With the mind-boggling pace of innovation in AI augmented software development right now, It’s likely that my methodology will be completely outdated in a few months (or maybe even weeks). But I’ve found my current workflow to be stable for the last 2 months, and 2 months in 2025 developer time is like 2 years in 2022 developer time. In that time I’ve shipped an entirely new product line and dozens of features, all while having zero regressions or outages in production(!!!)
An important caveat to all of this is that I work on an enterprise web application written in typescript with a react front-end, nodejs backend, and sql database. This domain and my tech stack is very much so on the “data distribution” of today’s coding models, meaning they’ve been trained on an enormous amount of code that does similar things. People working in more complex domains that have less training data available, like Karpathy’s nanochat or Geohot’s comma.ai, will not get near the results that I do working on enterprise software for transportation companies.

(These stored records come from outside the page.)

(* Let $\Omega\subset\mathbb{R}^2$ be a box such that $\overline{\Omega}=\bigcup_i\overline{\Omega_i}$ for at most countably many mutually disjoint boxes $\Omega_i\subset\mathbb{R}^2$, all with endpoints on the grid for the mesh size vector $h=(h_1,h_2)$. Then for every $u:\overline{\Omega}_h\to\mathbb{R}$ and $1\le p<\infty$, $$\|u\|^p_{L^p(\Omega_h)}\le\sum_i\|u\|^p_{L^p(\Omega_{i,h})}\le4\|u\|^p_{L^p(\Omega_h)},\qquad \|u\|^2_{D(\Omega_h)}\le\sum_i\|u\|^2_{D(\Omega_{i,h})}\le2\|u\|^2_{D(\Omega_h)}.$$
   Context: For a box $B=(a_1,b_1)\times(a_2,b_2)$ with $a_j=k_jh_j$, $b_j=l_jh_j$, $k_j,l_j\in\mathbb{Z}\cup\{\pm\infty\}$, $l_j-k_j>1$: $\mathbb{R}^2_h=\{(h_1z_1,h_2z_2):z_j\in\mathbb{Z}\}$, $\overline{B}_h=\overline{B}\cap\mathbb{R}^2_h$, $\partial B_h=\partial B\cap\mathbb{R}^2_h$, $\partial_j^+B_h=\partial B_h\cap\{x_j=b_j\}$, $\mathbf{h}=h_1h_2$, $D_j^+u(x)=(u(x+h_je_j)-u(x))/h_j$. Norms: $\|u\|^p_{L^p(B_h)}=\sum_{x\in\overline{B}_h}|u(x)|^p\mathbf{h}$, $\|u\|^2_{D(B_h)}=\sum_{j=1}^2\sum_{x\in\overline{B}_h\setminus\partial_j^+B_h}|D_j^+u(x)|^2\mathbf{h}$. $\Omega_{i,h}$ denotes the discretization of $\Omega_i$ in this sense. *)

From HB Require Import structures.
From mathcomp Require Import all_boot all_order all_algebra.
From mathcomp Require Import all_classical all_reals all_analysis.
Set Implicit Arguments. Unset Strict Implicit. Unset Printing Implicit Defensive.
Import Order.TTheory GRing.Theory Num.Theory.
Import numFieldNormedType.Exports.
Local Open Scope classical_set_scope.
Local Open Scope ring_scope.

(* A grid box B = (a_1,b_1) x (a_2,b_2) with a_j = k_j h_j, b_j = l_j h_j.
   Coordinates are indexed by j : 'I_2 (ord0 = first coordinate).
   lo B j = Some k_j (finite) or None (k_j = -oo);
   hi B j = Some l_j (finite) or None (l_j = +oo). *)
Record box := Box { lo : 'I_2 -> option int; hi : 'I_2 -> option int }.

Definition box_wf (B : box) : Prop :=
  forall j : 'I_2, match lo B j, hi B j return Prop with
                   | Some k, Some l => (1 < l - k)%R
                   | _, _ => True end.

Definition coord {R : Type} (x : R * R) (j : 'I_2) : R :=
  if j == ord0 then x.1 else x.2.

Section Defs.
Variable R : realType.
Implicit Types (h : R * R) (B : box) (u : int * int -> R).

Definition lob h B j : option R := omap (fun k : int => k%:~R * coord h j) (lo B j).
Definition hib h B j : option R := omap (fun l : int => l%:~R * coord h j) (hi B j).

Definition box_set h B : set (R * R) :=
  [set x | forall j : 'I_2,
     (match lob h B j return Prop with Some a => a < coord x j | None => True end) /\
     (match hib h B j return Prop with Some b => coord x j < b | None => True end)].

Definition gp h (z : int * int) : R * R := (z.1%:~R * h.1, z.2%:~R * h.2).

Definition gridcl h B : set (int * int) :=
  [set z | closure (box_set h B) (gp h z)].

Definition bdry_plus h B (j : 'I_2) : set (int * int) :=
  [set z | (closure (box_set h B) `\` interior (box_set h B)) (gp h z) /\
           match hib h B j return Prop with Some b => coord (gp h z) j = b | None => False end].

Definition shift (z : int * int) (j : 'I_2) : int * int :=
  if j == ord0 then (z.1 + 1, z.2) else (z.1, z.2 + 1).

Definition Dplus h u (j : 'I_2) (z : int * int) : R :=
  (u (shift z j) - u z) / coord h j.

Definition Lp_pow h (p : R) u B : \bar R :=
  \esum_(z in gridcl h B) ((`|u z| `^ p) * (h.1 * h.2))%:E.

Definition D_sq h u B : \bar R :=
  (\sum_(j < 2)
     \esum_(z in gridcl h B `\` bdry_plus h B j) ((Dplus h u j z) ^+ 2 * (h.1 * h.2))%:E)%E.

End Defs.

(* A grid point z of a box is a corner of the grid cell centred at
   z + (±h_1/2, ±h_2/2), where the sign is - in direction j exactly when z lies
   on the upper face x_j = b_j; this cell lies inside the box.  If two disjoint
   pieces contain z with the same upper-face pattern, they share that cell
   centre, so z lies in at most 4 pieces, and in at most 2 among those where z
   is off the face x_j = b_j (the pattern in direction j is then fixed).  For
   the lower bounds, the cell of Om at z lies in the closure of some piece,
   which therefore contains z, off its upper face in direction j if z is off
   the one of Om. *)
From Pilot Require Import Defs.
From HB Require Import structures.
From mathcomp Require Import all_boot all_order all_algebra.
From mathcomp Require Import all_classical all_reals all_analysis.
From mathcomp Require Import zify lra.
(* Re-exported after mathcomp so that [coord] means [Defs.coord], not [vector.coord]. *)
Import Pilot.Defs.
Import Order.TTheory GRing.Theory Num.Theory.
Import numFieldNormedType.Exports.
Set Implicit Arguments. Unset Strict Implicit. Unset Printing Implicit Defensive.
Local Open Scope classical_set_scope.
Local Open Scope ring_scope.

Section ExtendedSums.
Variable R : realType.
Local Open Scope ereal_scope.

Lemma le_esum_subset (T : choiceType) (A B : set T) (f : T -> \bar R) :
  A `<=` B -> \esum_(x in A) f x <= \esum_(x in B) f x.
Proof.
move=> AB; apply: ge_ereal_sup => _ [X [finX XA] <-].
by apply: ereal_sup_ubound; exists X => //; split => //; exact: subset_trans AB.
Qed.

Lemma esum_cst_setT (L : finType) (c : \bar R) : 0 <= c ->
  \esum_(l in [set: L]) c = #|L|%:R%:E * c.
Proof.
move=> c0; rewrite esum_fset //; last exact: finite_finset.
have -> : [set: L] = [set` enum L] by apply/seteqP; split => l //= _; rewrite mem_enum.
by rewrite -fsbig_seq ?enum_uniq // big_enum sumr_const mule_natl.
Qed.

Lemma le_esum_cover (T I : choiceType) (f : T -> \bar R) (S : set T)
    (Si : I -> set T) :
  (forall x, 0 <= f x) -> S `<=` \bigcup_i Si i ->
  \esum_(z in S) f z <= \esum_(i in [set: I]) \esum_(z in Si i) f z.
Proof.
move=> f0 SSi; have [->|/set0P[z0 /SSi[i0 _ _]]] := eqVneq S set0.
  by rewrite esum_set0; apply: esum_ge0 => i _; exact: esum_ge0.
have /choice[g Sg] : forall z, exists i, S z -> Si i z.
  by move=> z; have [/SSi[i _ Siz]|] := pselect (S z); [exists i | exists i0].
rewrite esum_esum; last by move=> *; exact: f0.
rewrite -(esum_image _ (fun z => (g z, z)) (fun k => f k.2)); last by move=> z z' _ _ [].
by apply: le_esum_subset => _ [z Sz <-]; split => //=; exact: Sg.
Qed.

(* Each point lies in at most [#|L|] of the sets [Si i]: on a common point,
   the label [q i z] tells the sets apart. *)
Lemma le_esum_overlap (T I : choiceType) (L : finType) (f : T -> \bar R)
    (S : set T) (Si : I -> set T) (q : I -> T -> L) :
  (forall x, 0 <= f x) -> (forall i, Si i `<=` S) ->
  (forall i j z, Si i z -> Si j z -> q i z = q j z -> i = j) ->
  \esum_(i in [set: I]) \esum_(z in Si i) f z <= #|L|%:R%:E * \esum_(z in S) f z.
Proof.
move=> f0 SiS q_inj; rewrite esum_esum; last by move=> *; exact: f0.
pose e (k : I * T) := (q k.1 k.2, k.2).
have e_inj : set_inj ([set: I] `*`` Si) e.
  move=> [i z] [j z'] /set_mem[_ /= Siz] /set_mem[_ /= Sjz'] [+ /= zz'].
  by subst z' => /(q_inj _ _ _ Siz Sjz') ->.
rewrite -(esum_image _ e (fun k => f k.2)) //.
apply: (@le_trans _ _ (\esum_(k in [set: L] `*`` (fun=> S)) f k.2)).
  by apply: le_esum_subset => _ [[i z] [_ /= Siz] <-]; split => //=; exact: SiS Siz.
rewrite -(esum_esum (a := fun _ z => f z)) //.
by rewrite esum_cst_setT //; exact: esum_ge0.
Qed.

End ExtendedSums.

Section GridBox.
Variables (R : realType) (h : R * R).
Implicit Types (B : box) (x y : R * R) (z : int * int).

Definition closed_box B x : Prop :=
  forall j : 'I_2,
    (match lob h B j with Some a => a <= coord x j | None => True end) /\
    (match hib h B j with Some b => coord x j <= b | None => True end).

Lemma coord_ball x y (e : R) (j : 'I_2) :
  ball x e y -> `|coord x j - coord y j| < e.
Proof. by case=> ? ?; rewrite /coord; case: ifP. Qed.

Hey, great read as always. This director system is fascinatingly brutal; it almost makes my Pilates instructors seem chill by comparison! It really makes you think about how we define creativity an selection, and the ultimate stakes when we automate or optimise processes, even for art. Super insightful.
Chris, do you find that you spend more time doing this back and forth iteration with the coding agents than if you wrote the code yourself to begin with?